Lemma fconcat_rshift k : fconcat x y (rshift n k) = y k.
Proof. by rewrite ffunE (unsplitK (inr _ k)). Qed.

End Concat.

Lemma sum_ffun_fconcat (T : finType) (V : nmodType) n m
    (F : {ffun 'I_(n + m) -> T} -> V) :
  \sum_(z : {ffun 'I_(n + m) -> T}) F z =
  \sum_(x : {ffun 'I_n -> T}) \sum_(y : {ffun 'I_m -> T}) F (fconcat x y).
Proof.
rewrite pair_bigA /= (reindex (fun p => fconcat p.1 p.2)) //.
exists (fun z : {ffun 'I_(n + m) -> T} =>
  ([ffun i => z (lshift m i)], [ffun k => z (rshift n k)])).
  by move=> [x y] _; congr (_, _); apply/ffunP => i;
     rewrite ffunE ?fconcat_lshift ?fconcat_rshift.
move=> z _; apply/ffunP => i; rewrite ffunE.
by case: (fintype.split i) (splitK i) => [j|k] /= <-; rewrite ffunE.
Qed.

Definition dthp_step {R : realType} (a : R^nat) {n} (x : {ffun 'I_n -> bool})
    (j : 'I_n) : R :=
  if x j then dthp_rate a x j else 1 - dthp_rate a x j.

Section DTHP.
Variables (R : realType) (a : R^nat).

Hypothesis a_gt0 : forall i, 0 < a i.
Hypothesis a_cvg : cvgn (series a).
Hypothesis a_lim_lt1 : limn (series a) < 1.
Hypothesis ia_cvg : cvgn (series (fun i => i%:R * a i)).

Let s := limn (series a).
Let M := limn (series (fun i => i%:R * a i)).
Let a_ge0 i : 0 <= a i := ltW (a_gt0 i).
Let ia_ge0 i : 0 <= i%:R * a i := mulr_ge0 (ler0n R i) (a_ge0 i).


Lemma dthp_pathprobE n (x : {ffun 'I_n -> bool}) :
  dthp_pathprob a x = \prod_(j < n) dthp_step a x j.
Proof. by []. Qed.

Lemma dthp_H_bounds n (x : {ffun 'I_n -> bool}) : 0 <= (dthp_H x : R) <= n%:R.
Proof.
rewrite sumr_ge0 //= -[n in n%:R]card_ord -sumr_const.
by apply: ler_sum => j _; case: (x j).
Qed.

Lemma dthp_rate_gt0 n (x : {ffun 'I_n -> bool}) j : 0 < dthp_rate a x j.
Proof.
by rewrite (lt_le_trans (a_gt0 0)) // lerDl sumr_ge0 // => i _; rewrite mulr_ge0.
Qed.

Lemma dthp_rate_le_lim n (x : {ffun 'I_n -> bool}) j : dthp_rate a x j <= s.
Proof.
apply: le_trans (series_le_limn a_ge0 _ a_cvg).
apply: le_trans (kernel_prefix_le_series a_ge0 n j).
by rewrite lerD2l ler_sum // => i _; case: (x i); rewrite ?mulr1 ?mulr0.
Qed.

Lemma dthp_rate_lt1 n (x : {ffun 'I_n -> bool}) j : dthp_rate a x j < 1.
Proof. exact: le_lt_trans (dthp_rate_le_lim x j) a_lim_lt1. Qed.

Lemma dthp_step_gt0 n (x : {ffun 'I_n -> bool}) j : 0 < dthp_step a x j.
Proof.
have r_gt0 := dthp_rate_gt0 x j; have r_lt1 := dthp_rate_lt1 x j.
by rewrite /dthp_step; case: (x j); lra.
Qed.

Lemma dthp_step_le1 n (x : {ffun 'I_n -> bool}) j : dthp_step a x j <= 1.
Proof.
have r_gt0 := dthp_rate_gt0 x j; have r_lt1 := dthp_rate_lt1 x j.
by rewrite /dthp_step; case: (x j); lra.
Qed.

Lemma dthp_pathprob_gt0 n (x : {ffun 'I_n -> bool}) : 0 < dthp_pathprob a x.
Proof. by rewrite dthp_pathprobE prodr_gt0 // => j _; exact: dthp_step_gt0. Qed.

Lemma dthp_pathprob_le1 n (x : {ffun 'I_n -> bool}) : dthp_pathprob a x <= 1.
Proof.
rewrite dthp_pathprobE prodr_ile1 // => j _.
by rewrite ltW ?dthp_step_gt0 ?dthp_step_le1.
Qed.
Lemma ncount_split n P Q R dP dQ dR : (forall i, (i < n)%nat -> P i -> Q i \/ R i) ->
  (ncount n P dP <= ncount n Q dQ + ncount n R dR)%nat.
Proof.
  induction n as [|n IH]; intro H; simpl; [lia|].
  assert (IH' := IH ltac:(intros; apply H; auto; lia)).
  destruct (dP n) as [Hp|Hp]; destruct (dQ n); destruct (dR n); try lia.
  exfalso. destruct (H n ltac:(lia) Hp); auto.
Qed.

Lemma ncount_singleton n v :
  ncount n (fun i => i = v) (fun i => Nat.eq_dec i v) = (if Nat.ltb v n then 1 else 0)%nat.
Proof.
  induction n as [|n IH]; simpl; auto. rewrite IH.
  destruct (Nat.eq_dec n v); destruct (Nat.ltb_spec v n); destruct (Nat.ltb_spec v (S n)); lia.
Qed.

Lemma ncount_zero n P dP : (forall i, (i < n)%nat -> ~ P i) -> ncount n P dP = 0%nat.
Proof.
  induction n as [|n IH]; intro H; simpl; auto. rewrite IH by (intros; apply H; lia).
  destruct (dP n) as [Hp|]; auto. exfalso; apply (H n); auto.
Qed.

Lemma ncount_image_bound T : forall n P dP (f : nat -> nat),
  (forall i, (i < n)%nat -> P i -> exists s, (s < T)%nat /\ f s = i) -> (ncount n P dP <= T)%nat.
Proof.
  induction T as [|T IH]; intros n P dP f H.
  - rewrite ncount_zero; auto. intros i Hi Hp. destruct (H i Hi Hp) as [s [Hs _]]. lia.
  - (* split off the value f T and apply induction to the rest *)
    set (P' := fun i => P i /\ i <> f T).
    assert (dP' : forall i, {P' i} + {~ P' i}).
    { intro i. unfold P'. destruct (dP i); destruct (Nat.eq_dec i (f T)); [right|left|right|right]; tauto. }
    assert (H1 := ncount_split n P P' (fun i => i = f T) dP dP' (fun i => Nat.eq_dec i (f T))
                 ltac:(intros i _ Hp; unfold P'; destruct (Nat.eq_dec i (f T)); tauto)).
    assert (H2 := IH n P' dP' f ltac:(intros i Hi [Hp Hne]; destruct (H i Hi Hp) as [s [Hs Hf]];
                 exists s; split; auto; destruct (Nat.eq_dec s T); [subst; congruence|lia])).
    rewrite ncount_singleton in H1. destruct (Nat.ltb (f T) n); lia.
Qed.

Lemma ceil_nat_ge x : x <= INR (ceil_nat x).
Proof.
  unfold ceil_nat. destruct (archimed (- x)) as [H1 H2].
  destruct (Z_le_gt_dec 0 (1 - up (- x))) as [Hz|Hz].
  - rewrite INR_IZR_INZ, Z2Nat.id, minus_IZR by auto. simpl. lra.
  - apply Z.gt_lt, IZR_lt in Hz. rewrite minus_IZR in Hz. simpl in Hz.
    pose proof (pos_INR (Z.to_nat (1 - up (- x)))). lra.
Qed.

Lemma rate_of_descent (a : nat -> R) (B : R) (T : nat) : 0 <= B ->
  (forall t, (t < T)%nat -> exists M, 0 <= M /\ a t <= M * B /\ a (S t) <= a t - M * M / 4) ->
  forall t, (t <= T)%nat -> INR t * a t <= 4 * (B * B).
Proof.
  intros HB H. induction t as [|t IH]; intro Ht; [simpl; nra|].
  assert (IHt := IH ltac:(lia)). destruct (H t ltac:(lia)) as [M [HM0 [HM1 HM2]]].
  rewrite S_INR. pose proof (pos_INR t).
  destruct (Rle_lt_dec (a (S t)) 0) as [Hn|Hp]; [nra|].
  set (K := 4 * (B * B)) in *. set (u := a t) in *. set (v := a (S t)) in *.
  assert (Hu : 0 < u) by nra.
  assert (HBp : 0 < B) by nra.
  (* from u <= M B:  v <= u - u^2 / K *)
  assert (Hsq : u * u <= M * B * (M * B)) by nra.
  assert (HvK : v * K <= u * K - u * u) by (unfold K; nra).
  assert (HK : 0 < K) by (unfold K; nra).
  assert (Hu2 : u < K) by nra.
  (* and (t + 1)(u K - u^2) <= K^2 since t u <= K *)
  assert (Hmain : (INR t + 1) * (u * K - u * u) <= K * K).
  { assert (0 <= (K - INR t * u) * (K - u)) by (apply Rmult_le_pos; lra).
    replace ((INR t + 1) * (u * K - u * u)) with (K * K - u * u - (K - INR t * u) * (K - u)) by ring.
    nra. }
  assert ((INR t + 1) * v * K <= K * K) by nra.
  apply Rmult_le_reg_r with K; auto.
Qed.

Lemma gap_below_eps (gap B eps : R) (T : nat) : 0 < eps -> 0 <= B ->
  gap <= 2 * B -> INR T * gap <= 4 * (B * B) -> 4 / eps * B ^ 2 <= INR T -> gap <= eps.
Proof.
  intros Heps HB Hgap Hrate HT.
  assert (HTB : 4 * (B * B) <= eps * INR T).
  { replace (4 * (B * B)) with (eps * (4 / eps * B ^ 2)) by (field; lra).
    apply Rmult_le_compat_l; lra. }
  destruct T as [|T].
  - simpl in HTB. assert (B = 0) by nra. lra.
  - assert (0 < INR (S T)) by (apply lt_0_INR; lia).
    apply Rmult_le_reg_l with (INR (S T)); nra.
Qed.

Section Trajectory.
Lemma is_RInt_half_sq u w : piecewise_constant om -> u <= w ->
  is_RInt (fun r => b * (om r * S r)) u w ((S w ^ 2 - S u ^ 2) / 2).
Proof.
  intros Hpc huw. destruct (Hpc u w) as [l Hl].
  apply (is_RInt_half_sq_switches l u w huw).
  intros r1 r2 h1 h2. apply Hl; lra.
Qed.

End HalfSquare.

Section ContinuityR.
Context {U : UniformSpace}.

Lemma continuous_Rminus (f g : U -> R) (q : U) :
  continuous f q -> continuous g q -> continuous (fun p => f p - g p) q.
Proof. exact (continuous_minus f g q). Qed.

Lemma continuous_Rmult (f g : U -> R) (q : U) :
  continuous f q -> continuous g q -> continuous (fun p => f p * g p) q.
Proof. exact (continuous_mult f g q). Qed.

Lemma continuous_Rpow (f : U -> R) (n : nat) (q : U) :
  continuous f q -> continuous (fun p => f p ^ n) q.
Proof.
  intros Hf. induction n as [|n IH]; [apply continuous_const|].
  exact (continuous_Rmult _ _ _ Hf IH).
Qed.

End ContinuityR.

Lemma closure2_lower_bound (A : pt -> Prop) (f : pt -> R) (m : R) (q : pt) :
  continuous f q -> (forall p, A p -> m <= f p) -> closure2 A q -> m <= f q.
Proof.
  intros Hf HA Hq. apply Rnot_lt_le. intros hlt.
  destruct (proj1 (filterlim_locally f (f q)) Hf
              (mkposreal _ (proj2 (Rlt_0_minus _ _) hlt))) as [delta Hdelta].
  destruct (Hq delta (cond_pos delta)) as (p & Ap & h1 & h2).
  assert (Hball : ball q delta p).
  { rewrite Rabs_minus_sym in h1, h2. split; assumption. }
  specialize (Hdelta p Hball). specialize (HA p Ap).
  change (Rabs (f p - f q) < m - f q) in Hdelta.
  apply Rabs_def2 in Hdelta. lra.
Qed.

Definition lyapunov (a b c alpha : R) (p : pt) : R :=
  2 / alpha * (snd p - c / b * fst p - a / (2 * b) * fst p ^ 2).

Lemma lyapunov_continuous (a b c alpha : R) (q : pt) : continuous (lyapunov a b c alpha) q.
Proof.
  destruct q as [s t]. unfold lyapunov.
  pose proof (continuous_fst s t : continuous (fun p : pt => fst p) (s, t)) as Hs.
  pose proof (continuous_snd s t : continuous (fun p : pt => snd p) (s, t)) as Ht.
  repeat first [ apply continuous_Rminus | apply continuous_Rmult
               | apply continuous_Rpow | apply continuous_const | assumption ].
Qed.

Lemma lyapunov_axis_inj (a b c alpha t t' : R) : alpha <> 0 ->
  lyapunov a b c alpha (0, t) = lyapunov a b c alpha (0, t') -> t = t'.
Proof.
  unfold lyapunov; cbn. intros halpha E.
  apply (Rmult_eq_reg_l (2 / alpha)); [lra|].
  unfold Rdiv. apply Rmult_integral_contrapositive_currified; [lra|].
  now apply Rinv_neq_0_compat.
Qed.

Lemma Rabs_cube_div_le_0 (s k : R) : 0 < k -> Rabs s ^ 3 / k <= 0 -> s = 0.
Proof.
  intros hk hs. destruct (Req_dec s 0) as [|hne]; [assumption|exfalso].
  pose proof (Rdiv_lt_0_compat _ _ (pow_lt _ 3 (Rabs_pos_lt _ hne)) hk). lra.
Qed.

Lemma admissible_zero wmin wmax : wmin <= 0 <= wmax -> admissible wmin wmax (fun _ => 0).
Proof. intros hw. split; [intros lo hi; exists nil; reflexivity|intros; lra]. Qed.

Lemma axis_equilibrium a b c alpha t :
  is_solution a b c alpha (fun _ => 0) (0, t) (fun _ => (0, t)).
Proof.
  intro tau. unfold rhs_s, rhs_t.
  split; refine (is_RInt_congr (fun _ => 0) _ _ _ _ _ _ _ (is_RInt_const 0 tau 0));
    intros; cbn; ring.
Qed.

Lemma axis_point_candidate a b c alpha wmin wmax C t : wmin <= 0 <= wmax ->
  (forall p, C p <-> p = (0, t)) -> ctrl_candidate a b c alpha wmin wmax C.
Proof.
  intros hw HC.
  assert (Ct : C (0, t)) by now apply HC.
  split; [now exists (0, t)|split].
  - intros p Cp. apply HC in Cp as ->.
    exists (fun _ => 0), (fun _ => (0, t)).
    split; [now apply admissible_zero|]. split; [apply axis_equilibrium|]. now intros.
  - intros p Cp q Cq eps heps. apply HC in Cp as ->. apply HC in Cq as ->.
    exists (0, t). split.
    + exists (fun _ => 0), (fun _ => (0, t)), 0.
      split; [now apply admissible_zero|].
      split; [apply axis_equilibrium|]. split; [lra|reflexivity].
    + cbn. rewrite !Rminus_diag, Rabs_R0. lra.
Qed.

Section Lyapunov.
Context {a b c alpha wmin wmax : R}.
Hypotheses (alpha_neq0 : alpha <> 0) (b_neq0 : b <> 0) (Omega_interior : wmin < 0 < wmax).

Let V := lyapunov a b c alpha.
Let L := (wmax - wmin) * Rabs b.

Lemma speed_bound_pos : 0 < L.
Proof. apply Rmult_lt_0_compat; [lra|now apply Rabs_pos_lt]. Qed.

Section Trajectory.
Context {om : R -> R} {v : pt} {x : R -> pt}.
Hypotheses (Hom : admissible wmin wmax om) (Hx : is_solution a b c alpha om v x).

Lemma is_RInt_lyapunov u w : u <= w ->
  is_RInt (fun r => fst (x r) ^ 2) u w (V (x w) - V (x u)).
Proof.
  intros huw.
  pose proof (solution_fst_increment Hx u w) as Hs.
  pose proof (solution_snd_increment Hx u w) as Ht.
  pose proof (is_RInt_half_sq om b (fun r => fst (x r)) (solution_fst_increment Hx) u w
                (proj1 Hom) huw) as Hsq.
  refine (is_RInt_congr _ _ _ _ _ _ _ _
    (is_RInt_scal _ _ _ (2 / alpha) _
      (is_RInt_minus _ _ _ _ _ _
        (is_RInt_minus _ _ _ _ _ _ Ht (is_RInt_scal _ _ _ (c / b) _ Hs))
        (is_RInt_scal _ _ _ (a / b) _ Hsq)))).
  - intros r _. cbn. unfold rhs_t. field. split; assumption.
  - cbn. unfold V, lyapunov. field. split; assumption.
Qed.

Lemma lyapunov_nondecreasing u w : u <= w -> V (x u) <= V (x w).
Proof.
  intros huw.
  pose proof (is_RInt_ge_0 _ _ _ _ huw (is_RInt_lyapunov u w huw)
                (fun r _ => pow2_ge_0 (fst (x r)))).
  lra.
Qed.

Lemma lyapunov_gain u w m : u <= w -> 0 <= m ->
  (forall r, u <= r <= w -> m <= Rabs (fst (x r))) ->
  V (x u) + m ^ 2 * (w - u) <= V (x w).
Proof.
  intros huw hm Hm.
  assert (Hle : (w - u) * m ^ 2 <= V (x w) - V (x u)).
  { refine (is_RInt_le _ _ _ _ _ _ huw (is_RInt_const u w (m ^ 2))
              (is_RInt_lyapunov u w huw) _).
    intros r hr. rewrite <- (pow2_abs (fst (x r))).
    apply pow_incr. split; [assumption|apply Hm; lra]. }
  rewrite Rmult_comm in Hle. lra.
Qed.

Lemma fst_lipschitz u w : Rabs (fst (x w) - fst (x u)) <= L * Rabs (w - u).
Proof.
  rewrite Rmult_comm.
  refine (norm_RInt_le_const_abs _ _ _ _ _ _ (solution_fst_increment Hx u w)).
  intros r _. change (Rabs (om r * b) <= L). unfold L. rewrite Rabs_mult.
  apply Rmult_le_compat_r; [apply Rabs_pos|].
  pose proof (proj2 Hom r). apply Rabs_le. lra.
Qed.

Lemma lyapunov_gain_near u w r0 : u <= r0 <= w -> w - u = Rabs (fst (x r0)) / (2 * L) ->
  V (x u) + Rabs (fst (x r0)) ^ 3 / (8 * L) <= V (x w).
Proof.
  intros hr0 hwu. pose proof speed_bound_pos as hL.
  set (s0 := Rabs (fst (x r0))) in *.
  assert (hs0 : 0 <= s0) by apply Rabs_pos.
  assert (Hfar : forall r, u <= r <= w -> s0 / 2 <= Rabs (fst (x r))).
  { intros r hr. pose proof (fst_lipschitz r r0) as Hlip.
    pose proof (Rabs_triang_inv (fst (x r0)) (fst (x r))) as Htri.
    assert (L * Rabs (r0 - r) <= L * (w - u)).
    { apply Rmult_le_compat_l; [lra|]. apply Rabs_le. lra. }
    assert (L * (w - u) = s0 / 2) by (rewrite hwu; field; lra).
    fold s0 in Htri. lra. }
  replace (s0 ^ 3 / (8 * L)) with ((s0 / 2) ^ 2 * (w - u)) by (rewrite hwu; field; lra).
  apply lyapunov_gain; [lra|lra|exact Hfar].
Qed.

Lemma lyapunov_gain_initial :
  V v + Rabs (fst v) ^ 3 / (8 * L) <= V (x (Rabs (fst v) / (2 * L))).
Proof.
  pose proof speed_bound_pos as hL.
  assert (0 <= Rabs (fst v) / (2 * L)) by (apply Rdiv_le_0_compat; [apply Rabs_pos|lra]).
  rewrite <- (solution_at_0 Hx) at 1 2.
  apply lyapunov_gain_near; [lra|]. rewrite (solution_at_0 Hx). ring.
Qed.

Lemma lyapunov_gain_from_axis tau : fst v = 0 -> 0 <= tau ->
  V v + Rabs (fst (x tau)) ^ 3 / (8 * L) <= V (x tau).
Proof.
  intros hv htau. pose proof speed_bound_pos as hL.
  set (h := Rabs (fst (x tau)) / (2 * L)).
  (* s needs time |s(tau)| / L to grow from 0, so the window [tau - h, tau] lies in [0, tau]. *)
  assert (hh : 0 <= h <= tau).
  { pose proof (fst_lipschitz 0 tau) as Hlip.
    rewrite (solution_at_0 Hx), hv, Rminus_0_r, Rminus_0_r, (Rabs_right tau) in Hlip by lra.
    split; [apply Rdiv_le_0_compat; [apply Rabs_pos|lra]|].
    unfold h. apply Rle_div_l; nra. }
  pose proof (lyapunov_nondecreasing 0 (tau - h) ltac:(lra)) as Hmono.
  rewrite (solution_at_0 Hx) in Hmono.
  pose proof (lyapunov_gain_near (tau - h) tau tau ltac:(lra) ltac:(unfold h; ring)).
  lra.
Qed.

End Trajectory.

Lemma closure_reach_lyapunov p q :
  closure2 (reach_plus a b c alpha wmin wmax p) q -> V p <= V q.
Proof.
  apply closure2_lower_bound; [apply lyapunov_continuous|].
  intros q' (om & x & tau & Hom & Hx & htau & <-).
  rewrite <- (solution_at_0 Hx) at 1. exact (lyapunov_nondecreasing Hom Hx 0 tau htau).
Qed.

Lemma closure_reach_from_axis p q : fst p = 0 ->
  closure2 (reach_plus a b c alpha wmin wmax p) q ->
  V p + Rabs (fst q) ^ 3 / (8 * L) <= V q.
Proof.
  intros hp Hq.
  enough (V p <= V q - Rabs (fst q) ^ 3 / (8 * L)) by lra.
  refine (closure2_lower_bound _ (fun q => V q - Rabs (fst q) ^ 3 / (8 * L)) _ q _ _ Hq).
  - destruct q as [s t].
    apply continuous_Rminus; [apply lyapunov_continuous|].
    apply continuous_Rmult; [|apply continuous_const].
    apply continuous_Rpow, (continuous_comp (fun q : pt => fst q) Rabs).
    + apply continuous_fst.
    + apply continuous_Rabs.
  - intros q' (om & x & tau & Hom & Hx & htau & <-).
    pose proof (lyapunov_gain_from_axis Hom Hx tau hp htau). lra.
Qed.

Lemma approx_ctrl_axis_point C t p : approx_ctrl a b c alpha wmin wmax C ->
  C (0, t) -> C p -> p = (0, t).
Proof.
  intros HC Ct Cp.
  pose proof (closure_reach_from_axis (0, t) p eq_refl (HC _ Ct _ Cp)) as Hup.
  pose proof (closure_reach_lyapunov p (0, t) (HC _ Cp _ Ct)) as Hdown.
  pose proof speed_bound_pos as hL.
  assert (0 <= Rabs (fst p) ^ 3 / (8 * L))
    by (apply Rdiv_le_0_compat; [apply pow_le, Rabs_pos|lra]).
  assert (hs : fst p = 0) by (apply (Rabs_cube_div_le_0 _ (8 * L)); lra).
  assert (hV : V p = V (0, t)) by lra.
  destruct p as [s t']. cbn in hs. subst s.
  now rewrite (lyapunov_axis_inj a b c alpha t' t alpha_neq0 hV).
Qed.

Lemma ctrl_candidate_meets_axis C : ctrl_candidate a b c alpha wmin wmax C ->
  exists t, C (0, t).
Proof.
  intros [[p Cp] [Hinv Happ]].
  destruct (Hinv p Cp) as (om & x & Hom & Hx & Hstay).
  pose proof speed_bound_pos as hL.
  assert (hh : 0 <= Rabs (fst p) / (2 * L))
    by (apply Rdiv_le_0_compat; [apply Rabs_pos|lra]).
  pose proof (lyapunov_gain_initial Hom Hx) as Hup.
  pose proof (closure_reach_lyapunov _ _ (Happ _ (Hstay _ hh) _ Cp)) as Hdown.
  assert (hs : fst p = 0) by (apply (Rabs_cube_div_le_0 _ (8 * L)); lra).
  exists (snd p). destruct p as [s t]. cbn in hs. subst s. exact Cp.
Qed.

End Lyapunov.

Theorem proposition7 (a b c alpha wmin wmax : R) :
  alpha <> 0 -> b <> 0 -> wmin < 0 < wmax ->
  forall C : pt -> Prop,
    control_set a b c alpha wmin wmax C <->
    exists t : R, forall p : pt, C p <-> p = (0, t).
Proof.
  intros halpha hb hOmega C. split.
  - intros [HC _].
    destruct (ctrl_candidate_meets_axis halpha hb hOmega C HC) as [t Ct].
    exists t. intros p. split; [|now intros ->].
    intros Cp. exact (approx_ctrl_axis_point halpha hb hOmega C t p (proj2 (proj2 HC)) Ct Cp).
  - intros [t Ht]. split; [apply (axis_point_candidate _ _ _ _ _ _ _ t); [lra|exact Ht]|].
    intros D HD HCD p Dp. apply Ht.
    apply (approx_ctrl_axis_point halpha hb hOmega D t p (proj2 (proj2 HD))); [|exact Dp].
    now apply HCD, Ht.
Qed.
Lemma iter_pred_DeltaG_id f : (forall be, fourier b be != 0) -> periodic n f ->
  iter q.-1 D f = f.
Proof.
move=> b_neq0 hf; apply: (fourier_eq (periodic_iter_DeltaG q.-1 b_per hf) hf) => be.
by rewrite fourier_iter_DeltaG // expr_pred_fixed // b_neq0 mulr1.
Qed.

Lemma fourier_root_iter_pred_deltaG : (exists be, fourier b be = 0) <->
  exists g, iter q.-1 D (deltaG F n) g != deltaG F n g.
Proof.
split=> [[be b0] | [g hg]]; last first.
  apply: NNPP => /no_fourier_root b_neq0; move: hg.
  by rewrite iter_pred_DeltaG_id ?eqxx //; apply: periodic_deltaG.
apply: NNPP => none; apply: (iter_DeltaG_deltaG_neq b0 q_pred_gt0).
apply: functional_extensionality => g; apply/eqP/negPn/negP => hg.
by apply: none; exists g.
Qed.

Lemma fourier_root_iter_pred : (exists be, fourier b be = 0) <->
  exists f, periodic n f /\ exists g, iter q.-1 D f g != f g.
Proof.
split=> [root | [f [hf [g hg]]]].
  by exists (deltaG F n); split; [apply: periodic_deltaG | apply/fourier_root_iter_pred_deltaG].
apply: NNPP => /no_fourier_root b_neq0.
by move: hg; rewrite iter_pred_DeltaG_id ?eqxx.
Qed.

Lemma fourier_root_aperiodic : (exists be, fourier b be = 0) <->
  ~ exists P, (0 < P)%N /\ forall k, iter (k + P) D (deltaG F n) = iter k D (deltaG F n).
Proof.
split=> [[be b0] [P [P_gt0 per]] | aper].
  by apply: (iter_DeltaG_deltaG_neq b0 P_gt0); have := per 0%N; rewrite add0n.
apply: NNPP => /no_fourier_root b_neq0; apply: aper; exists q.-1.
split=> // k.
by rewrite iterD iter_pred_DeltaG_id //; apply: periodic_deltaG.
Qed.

——————————

[What you have to do] Search the records for the string "tauto" and, wherever a line contains it, please copy that line.

[Answer below]
    { intro i. unfold P'. destruct (dP i); destruct (Nat.eq_dec i (f T)); [right|left|right|right]; tauto. }
                 ltac:(intros i _ Hp; unfold P'; destruct (Nat.eq_dec i (f T)); tauto)).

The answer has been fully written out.